The company also reported another set of figures that cover patients who’ve received at least one dose of tirzepatide and stayed in the study, irrespective of whether they stuck to taking the drug, or whether they took a rescue therapy or not, Fernández Landó said.
These figures are, understandably, somewhat lower—patients taking the top dose saw a 1.69% reduction in blood sugar compared to the 2.07% seen in the more conscientious group—but are what regulators want to see as they are closer to how the drug is expected to perform in the real world.
The drug’s safety profile was similar to that of other GLP-1 drugs. The most common side effects were gastrointestinal and were mostly mild to moderate, including nausea, diarrhea and vomiting.
Less than 10% of the patients taking the two lower doses of tirzepatide quit the study, while this figure was higher for those taking the top dose (22%) and placebo (15%). However, most of the patients in the 15 mg and placebo groups who left did so for “reasons other than adverse events,” including concerns about the pandemic, family or work.

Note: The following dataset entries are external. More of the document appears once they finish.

(* (i) Every $\mathcal H$-convex function $f:\mathbb R\to\mathbb R_{+\infty}$ is even and lower semicontinuous. (ii) If $C\subset\mathcal H$ is $\mathcal H$-convex and $A\subset\mathbb R^2$ satisfies $C=\{\psi_{a,b}:(a,b)\in A\}$, then $A$ is closed and convex and $A-\mathbb R^2_+\subset A$. (iii) If $A\subset\mathbb R^2$ is closed and convex, $A-\mathbb R^2_+\subset A$, and the function $\sup_{(a,b)\in A}\psi_{a,b}$ is not identically $+\infty$ on $\mathbb R$, then $C=\{\psi_{a,b}:(a,b)\in A\}$ is $\mathcal H$-convex.
   Context: $X=\mathbb R$; $\mathbb R_{+\infty}=\mathbb R\cup\{+\infty\}$. For $a,b\in\mathbb R$, $\phi_a(x)=ax^2$, $\psi_{a,b}(x)=ax^2+b$; $\mathcal L=\{\phi_a:a\in\mathbb R\}$, $\mathcal H=\{\psi_{a,b}:a,b\in\mathbb R\}$. A function $f$ is $\mathcal H$-convex if $f=\sup_{h\in H}h$ pointwise for some $H\subset\mathcal H$. A subset $C\subset\mathcal H$ is $\mathcal H$-convex if for every $h_0\in\mathcal H\setminus C$ there is $x\in\mathbb R$ with $h_0(x)>\sup_{h\in C}h(x)$. $\mathbb R^2_+=\{(a,b):a\ge0,b\ge0\}$ and $A-B=\{u-v:u\in A,v\in B\}$. *)

From Stdlib Require Export Reals.
Open Scope R_scope.

Inductive ERp : Type := Fin : R -> ERp | PInf : ERp.

Definition ltRE (y : R) (v : ERp) : Prop :=
  match v with Fin r => y < r | PInf => True end.

(* v is the supremum (in R ∪ {±∞}) of the real set S, and v ∈ R ∪ {+∞} *)
Definition is_sup_ext (S : R -> Prop) (v : ERp) : Prop :=
  match v with
  | Fin r => is_lub S r
  | PInf => forall M : R, exists y, S y /\ M < y
  end.

Definition phi (a : R) : R -> R := fun x => a * x ^ 2.
Definition psi (a b : R) : R -> R := fun x => a * x ^ 2 + b.

Definition inH (h : R -> R) : Prop := exists a b, h = psi a b.

Definition H_convex_fun (f : R -> ERp) : Prop :=
  exists H : (R -> R) -> Prop,
    (forall h, H h -> inH h) /\
    forall x, is_sup_ext (fun y => exists h, H h /\ y = h x) (f x).

(* C ⊂ ℋ is ℋ-convex: every h0 ∈ ℋ \ C exceeds sup_{h∈C} h at some point
   (h0 x > sup S  iff  some real upper bound u of S satisfies u < h0 x;
    this covers sup S = -∞ and excludes sup S = +∞) *)
Definition H_convex_set (C : (R -> R) -> Prop) : Prop :=
  forall h0, inH h0 -> ~ C h0 ->
    exists x u, (forall h, C h -> h x <= u) /\ u < h0 x.

Definition even_fun (f : R -> ERp) : Prop := forall x, f (- x) = f x.

Definition lsc (f : R -> ERp) : Prop :=
  forall x y, ltRE y (f x) ->
    exists delta, delta > 0 /\ forall z, Rabs (z - x) < delta -> ltRE y (f z).

Definition closed2 (A : R * R -> Prop) : Prop :=
  forall p, ~ A p -> exists eps, eps > 0 /\
    forall q, (fst q - fst p) ^ 2 + (snd q - snd p) ^ 2 < eps ^ 2 -> ~ A q.

Definition convex2 (A : R * R -> Prop) : Prop :=
  forall p q t, A p -> A q -> 0 <= t <= 1 ->
    A (t * fst p + (1 - t) * fst q, t * snd p + (1 - t) * snd q).

Definition down_closed (A : R * R -> Prop) : Prop :=
  forall a b u v, A (a, b) -> 0 <= u -> 0 <= v -> A (a - u, b - v).

Definition param_by (C : (R -> R) -> Prop) (A : R * R -> Prop) : Prop :=
  forall h, C h <-> exists a b, A (a, b) /\ h = psi a b.

From Stdlib Require Import Reals Lra Lia Classical IndefiniteDescription.
Open Scope R_scope.

(* (i) Every [psi a b] is even and continuous, and a pointwise supremum of even
   continuous functions is even and lower semicontinuous.
   (ii) [psi a b x = x^2 a + b] is linear in [(a, b)] with nonnegative weights
   [(x^2, 1)], so H-convexity of [C] says that every point outside [A] is cut off by
   a closed half-plane [w . q <= c] with [w >= 0] containing [A]; an intersection of
   such half-planes is closed, convex and stable under subtracting [R^2_+].
   (iii) Conversely, the nearest point of the closed convex set [A] to an outside
   point [p] yields a separating half-plane; stability under subtracting [R^2_+]
   forces [w >= 0]. For [w2 > 0] the half-plane is that of [psi] at
   [x = sqrt (w1 / w2)]; for [w2 = 0] it is a limit of those half-planes as
   [x^2 -> oo], and the point where the supremum is finite makes the limit work. *)

Lemma is_sup_ext_unique (S : R -> Prop) (v v' : ERp) :
  is_sup_ext S v -> is_sup_ext S v' -> v = v'.
Proof.
  destruct v as [r|], v' as [r'|]; simpl; intros Hv Hv'; auto.
  - f_equal. destruct Hv as [Ub Lub], Hv' as [Ub' Lub'].
    apply Rle_antisym; [apply Lub | apply Lub']; assumption.
  - destruct Hv as [Ub _]. destruct (Hv' r) as [y [Sy Hy]].
    specialize (Ub y Sy). lra.
  - destruct Hv' as [Ub _]. destruct (Hv r') as [y [Sy Hy]].
    specialize (Ub y Sy). lra.
Qed.

Lemma is_sup_ext_same_set (S S' : R -> Prop) (v : ERp) :
  (forall y, S y <-> S' y) -> is_sup_ext S v -> is_sup_ext S' v.
Proof.
  intros E. destruct v as [r|]; simpl.
  - intros [Ub Lub]. split.
    + intros y Hy. apply Ub, E, Hy.
    + intros b Hb. apply Lub. intros y Hy. apply Hb, E, Hy.
  - intros Hv M. destruct (Hv M) as [y [Sy Hy]]. exists y. split; auto. apply E, Sy.
Qed.

Lemma is_sup_ext_lt_elem (S : R -> Prop) (v : ERp) (y : R) :
  is_sup_ext S v -> ltRE y v -> exists s, S s /\ y < s.
Proof.
  destruct v as [r|]; simpl; intros Hv Hy.
  - destruct Hv as [_ Lub]. apply NNPP. intros Hno.
    assert (r <= y); [|lra]. apply Lub. intros s Ss.
    apply Rnot_lt_le. intros Hys. apply Hno. exists s. auto.
  - apply Hv.
Qed.

Lemma is_sup_ext_elem_lt (S : R -> Prop) (v : ERp) (y s : R) :
  is_sup_ext S v -> S s -> y < s -> ltRE y v.
Proof.
  destruct v as [r|]; simpl; intros Hv Ss Hys; auto.
  destruct Hv as [Ub _]. specialize (Ub s Ss). lra.
Qed.

Definition pointwise_sup (H : (R -> R) -> Prop) (f : R -> ERp) : Prop :=
  forall x, is_sup_ext (fun y => exists h, H h /\ y = h x) (f x).

Lemma pointwise_sup_even (H : (R -> R) -> Prop) (f : R -> ERp) :
  (forall h, H h -> forall x, h (- x) = h x) -> pointwise_sup H f -> even_fun f.
Proof.
  intros Heven Hf x. apply (is_sup_ext_unique (fun y => exists h, H h /\ y = h x)); [|apply Hf].
  apply (is_sup_ext_same_set (fun y => exists h, H h /\ y = h (- x))); [|apply Hf].
  intros y. split; intros [h [Hh ->]]; exists h; rewrite (Heven h Hh); auto.
Qed.
(* Let $\mathbb{F}\in\{\mathbb{R},\mathbb{C}\}$, let $F=\{f_i\}_{i=1}^n$ be a $2_c$-uniform $(n,k)$-frame in $\mathbb{F}^k$ with analysis operator $V$, and let $Q$ be its Seidel matrix, i.e. the $n\times n$ matrix with $VV^*=\frac{k}{n}I_n+c_{n,k}Q$, where $c_{n,k}=\sqrt{\frac{k(n-k)}{n^2(n-1)}}$. Then for every $1\le m\le n$, $$e_m^{\infty}(F)\le \frac{k}{n}+(m-1)c_{n,k},$$ with equality if and only if some $m\times m$ principal submatrix $Q_m$ of $Q$ (obtained by keeping the same set of $m$ rows and columns) is switching equivalent to $J_m-I_m$, where $J_m$ is the $m\times m$ all-ones matrix.
   Context: An $(n,k)$-frame is a Parseval frame $\{f_i\}_{i=1}^n$ for $\mathbb{F}^k$; its analysis operator $V:\mathbb{F}^k\to\mathbb{F}^n$, $Vx=(\langle x,f_i\rangle)_{i=1}^n$, is an isometry. Let $\mathcal{D}_m$ be the set of $n\times n$ diagonal matrices with exactly $m$ diagonal entries equal to $1$ and the rest $0$, and $e_m^{\infty}(F)=\max\{\|V^*DV\|: D\in\mathcal{D}_m\}$ (operator norm). $F$ is called $m$-uniform if $\|V^*DV\|$ is the same for all $D\in\mathcal{D}_m$, and $m_c$-uniform if it is $\ell$-uniform for every $\ell=1,\dots,m$; a $2_c$-uniform $(n,k)$-frame is exactly an equiangular Parseval frame, and for it $VV^*=\frac{k}{n}I+c_{n,k}Q$ with $Q$ a Seidel matrix. A Seidel matrix is a self-adjoint $n\times n$ matrix with zero diagonal and off-diagonal entries of modulus $1$. Two Seidel matrices $Q,S$ are switching equivalent if $Q=PDSD^{-1}P^{-1}$ for some permutation matrix $P$ and some diagonal matrix $D$ whose diagonal entries have modulus $1$. *)

From HB Require Import structures.
From mathcomp Require Import all_boot all_order all_algebra all_fingroup.
From mathcomp Require Import complex.
From mathcomp Require Import boolp classical_sets reals.
Set Implicit Arguments. Unset Strict Implicit. Unset Printing Implicit Defensive.
Import Order.TTheory GRing.Theory Num.Theory.
Local Open Scope ring_scope.
Local Open Scope classical_set_scope.

(* The scalar field F is encoded by a boolean [b]:
   b = true  : F = C = R[i];
   b = false : F = R, viewed inside R[i] as the elements with zero
               imaginary part. *)
Definition inF (R : realType) (b : bool) (z : R[i]) : bool := b || (z \is Num.real).

Definition vecF (R : realType) (b : bool) (k : nat) (x : 'cV[R[i]]_k) : bool :=
  [forall i, inF b (x i 0)].

Definition vnorm (R : realType) (k : nat) (x : 'cV[R[i]]_k) : R :=
  Num.sqrt (\sum_(i < k) ((complex.Re (x i 0)) ^+ 2 + (complex.Im (x i 0)) ^+ 2)).

Definition opnorm (R : realType) (b : bool) (k : nat) (A : 'M[R[i]]_k) : R :=
  sup [set vnorm (A *m x) | x in [set x | vecF b x /\ vnorm x <= 1]].

Definition adj (R : realType) (m n : nat) (A : 'M[R[i]]_(m, n)) : 'M[R[i]]_(n, m) :=
  (map_mx Num.conj A)^T.

(* analysis operator: (V x)_i = <x, f_i> = sum_j x_j conj(f_i j) *)
Definition analysis (R : realType) (n k : nat) (f : 'I_n -> 'cV[R[i]]_k) : 'M[R[i]]_(n, k) :=
  \matrix_(i < n, j < k) Num.conj (f i j 0).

The data, published in The Lancet and presented virtually on Saturday at the annual meeting of the American Diabetes Association, come from one of five phase 3 studies that will support an FDA submission for tirzepatide by the end of the year.
The company also presented data from three of those studies at the meeting. One trial pitted tirzepatide against Novo Nordisk’s Tresiba (insulin degludec); another compared it to placebo as an add-on treatment to insulin glargine, marketed by Sanofi as Lantus and Toujeo; and the last tested it against Novo Nordisk’s Ozempic. In all three, tirzepatide outshone its contenders.
“In the Surpass program, we have studied tirzepatide across the whole diabetes treatment spectrum, from monotherapy in patients with a short duration of diabetes to patients who have 13 years duration of diabetes and… require an additional therapy beyond basal insulin,” Fernández Landó said.